裏庭の木に繋がった紐に、洗濯物を干し終わる。
木の根元にある小さな小さなネズミの墓に軽く黙とうし、イヴの朝の日課は終了した。
勝手口から台所へと入り、程よく煮立ったスープとパンを用意して、食卓へ運ぶ。
「・・・おはようございます、マスター」
「おはよ、イヴ」
「ずいぶんと調子が悪そうですが、大丈夫ですか?」
「あぁ、ごめん。昨日中に仕上げておくものがあったからね、
ちょっとだけ、寝不足なんだ・・・」
店舗兼自宅のラウルの店。
毎朝6時きっかりに起こしに来て、洗濯のために無理やりに近い形で服を剥いでいくイヴとの生活も、もう一月が経とうとしていた。
「仕方がありませんね。開店の準備は私がしておきますので、
もう少しだけお休みになってください」
「ありがとう。そうするよ」
「でも、その前に。
朝ごはんだけは、きちんと食べてくださいね」
「・・・はい」
朝食が済み、ラウルが2階へ戻ったのを確認して、食器を片付ける。
終わると、店の商品の壁掛け時計の埃をはたき、懐中時計が並ぶショーケースのガラスを拭く。

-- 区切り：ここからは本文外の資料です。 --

Lemma inner_sum_eq0 (e : nat -> nat) (m : nat) :
  (1 < m)%N -> (e m < m.-1)%N -> inner_sum e m = 0.
Proof. by case: m => // m _ lt_em; rewrite inner_sumE // alt_sum_eq0. Qed.

End InnerSum.

Lemma card_set_cond (T : finType) (P : {set T}) (Q : pred T) :
  #|[set x in P | Q x]| = \sum_(x in P) Q x.
Proof.
rewrite -sum1_card big_mkcond [RHS]big_mkcond; apply: eq_bigr => x _.
by rewrite !inE; case: (x \in P); case: (Q x).
Qed.

Section SubsetSums.
Local Open Scope ring_scope.

Lemma sum_over_subsets (T : finType) (V : nmodType) (G : nat -> V) :
  \sum_(A : {set T}) G #|A| = \sum_(m < #|T|.+1) G m *+ 'C(#|T|, m).
Proof.
have -> : \sum_(A : {set T}) G #|A| =
          \sum_(A : {set T}) \sum_(m < #|T|.+1) (if #|A| == m then G m else 0).
  apply: eq_bigr => A _; have lt_A : (#|A| < #|T|.+1)%N by rewrite ltnS max_card.
  rewrite (bigD1 (Ordinal lt_A)) //= eqxx big1 ?addr0 // => m.
  by rewrite -val_eqE /= eq_sym => /negbTE ->.
rewrite exchange_big; apply: eq_bigr => m _.
by rewrite -big_mkcond sumr_const -card_draws; congr (_ *+ _); apply: eq_card => A; rewrite inE.
Qed.

Lemma sum_from2 (V : nmodType) (F : nat -> V) (p : nat) :
  \sum_(0 <= m < p) (if (1 < m)%N then F m else 0) = \sum_(2 <= m < p) F m.
Proof.
have [le_2p | lt_p2] := leqP 2 p.
  rewrite (big_cat_nat _ (n := 2)) //= big_nat_recl // big_nat1 /= !add0r.
  by apply: eq_big_nat => m /andP[-> _].
rewrite [RHS]big_geq ?(ltnW lt_p2) //; apply: big1_seq => m; rewrite mem_index_iota.
by case/andP=> _ lt_mp; rewrite ltnNge -ltnS (leq_trans lt_mp (ltnW lt_p2)).
Qed.

End SubsetSums.

Section Tables.
Variable n : nat.
Local Notation I := 'I_n.

(* The pairs whose product is not forced to be the zero: both factors lie outside
   A = S^2. *)
Definition free_pairs (A : {set I}) : {set I * I} := setX (~: A) (~: A).

Lemma card_free_pairs (A : {set I}) : #|free_pairs A| = ((n - #|A|) ^ 2)%N.
Proof.
have cardC : #|~: A| = (n - #|A|)%N by have := cardsC A; rewrite card_ord; lia.
by rewrite /free_pairs cardsX cardC mulnn.
Qed.

Definition nil3_shape (A : {set I}) (z : I) (f : table n) : bool :=
  [&& z \in A, 1 < #|A|, supported_in z (free_pairs A) A f
    & A :\ z \subset f @: free_pairs A].

Lemma Spow2E (f : table n) : Spow f 2 = [set f (x, y) | x in [set: I], y in [set: I]].
Proof. by []. Qed.

Lemma Spow3E (f : table n) : Spow f 3 = [set f (x, y) | x in Spow f 2, y in [set: I]].
Proof. by []. Qed.

Lemma supported_products (A : {set I}) (z : I) (f : table n) :
  z \in A -> supported_in z (free_pairs A) A f ->
  (forall x y, (x \in A) || (y \in A) -> f (x, y) = z) /\ (forall x y, f (x, y) \in A).
Proof.
move=> zA /forallP supp; split=> [x y xyA | x y].
  by move: (supp (x, y)); rewrite !inE /=; case: (x \in A) xyA; case: (y \in A) => //= _ /eqP.
by move: (supp (x, y)); case: ifP => // _ /eqP ->.
Qed.

(* Necessity: all triple products are z, so every product with a factor in
   S^2 = A is z; |A| = 1 is excluded by the minimality of the degree. *)
Lemma nil3_shape_of_degree3 (A : {set I}) (z : I) (f : table n) :
  nil_degree f 3 -> Spow f 2 = A -> Spow f 3 = [set z] -> nil3_shape A z f.
Proof.
case/and4P=> /forallP assoc _ _ /forallP minimal S2 S3.
have mulA x y w : f (f (x, y), w) = f (x, f (y, w)).
  by move: (assoc x) => /forallP/(_ y)/forallP/(_ w)/eqP.
have mul3 x y w : f (f (x, y), w) = z.
  by apply/set1P; rewrite -S3 Spow3E; apply: imset2_f => //; apply: imset2_f.
have zA : z \in A by rewrite -S2 -(mul3 z z z); apply: imset2_f.
have card_A : #|A| != 1 by move: (minimal (@Ordinal 3 2 isT)); rewrite /= -S2.
have forced x y : (x \in A) || (y \in A) -> f (x, y) = z.
  case/orP; rewrite -S2 => /imset2P[a b _ _ ->]; first exact: mul3.
  by rewrite -mulA mul3.
apply/and4P; split=> //.
- by rewrite ltn_neqAle eq_sym card_A card_gt0; apply/set0Pn; exists z.
- apply/forallP=> -[x y]; rewrite !inE /=; case: ifP=> [_ | xyA].
    by rewrite -S2; apply: imset2_f.
  by rewrite forced //; move: xyA; case: (x \in A); case: (y \in A).
- apply/subsetP=> w; rewrite in_setD1 => /andP[wz].
  rewrite -{1}S2 Spow2E => /imset2P[x y _ _ w_eq].
  rewrite w_eq in wz *; apply: imset_f; rewrite !inE /=.
  by apply: contraNT wz => /nandP[/negbNE xA | /negbNE yA]; rewrite forced ?xA ?yA ?orbT.
Qed.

手巻き時計のねじをひとしきり回し終わり、手提げ金庫からお釣り用の小銭を確認する頃には、8時55分になっていた。
「クロックデバイスへ接続・・・エラー」
試しというか、遊び心というか、そういったもので、つい確認をしてしまう。
リセットすればまた動くのだろうが。
まぁ、いいか。
感情回路は、そんな返答をしてくる。
少なくとも、これだけの数の時計に囲まれていては、時間を気にするなという方が無理というものだ。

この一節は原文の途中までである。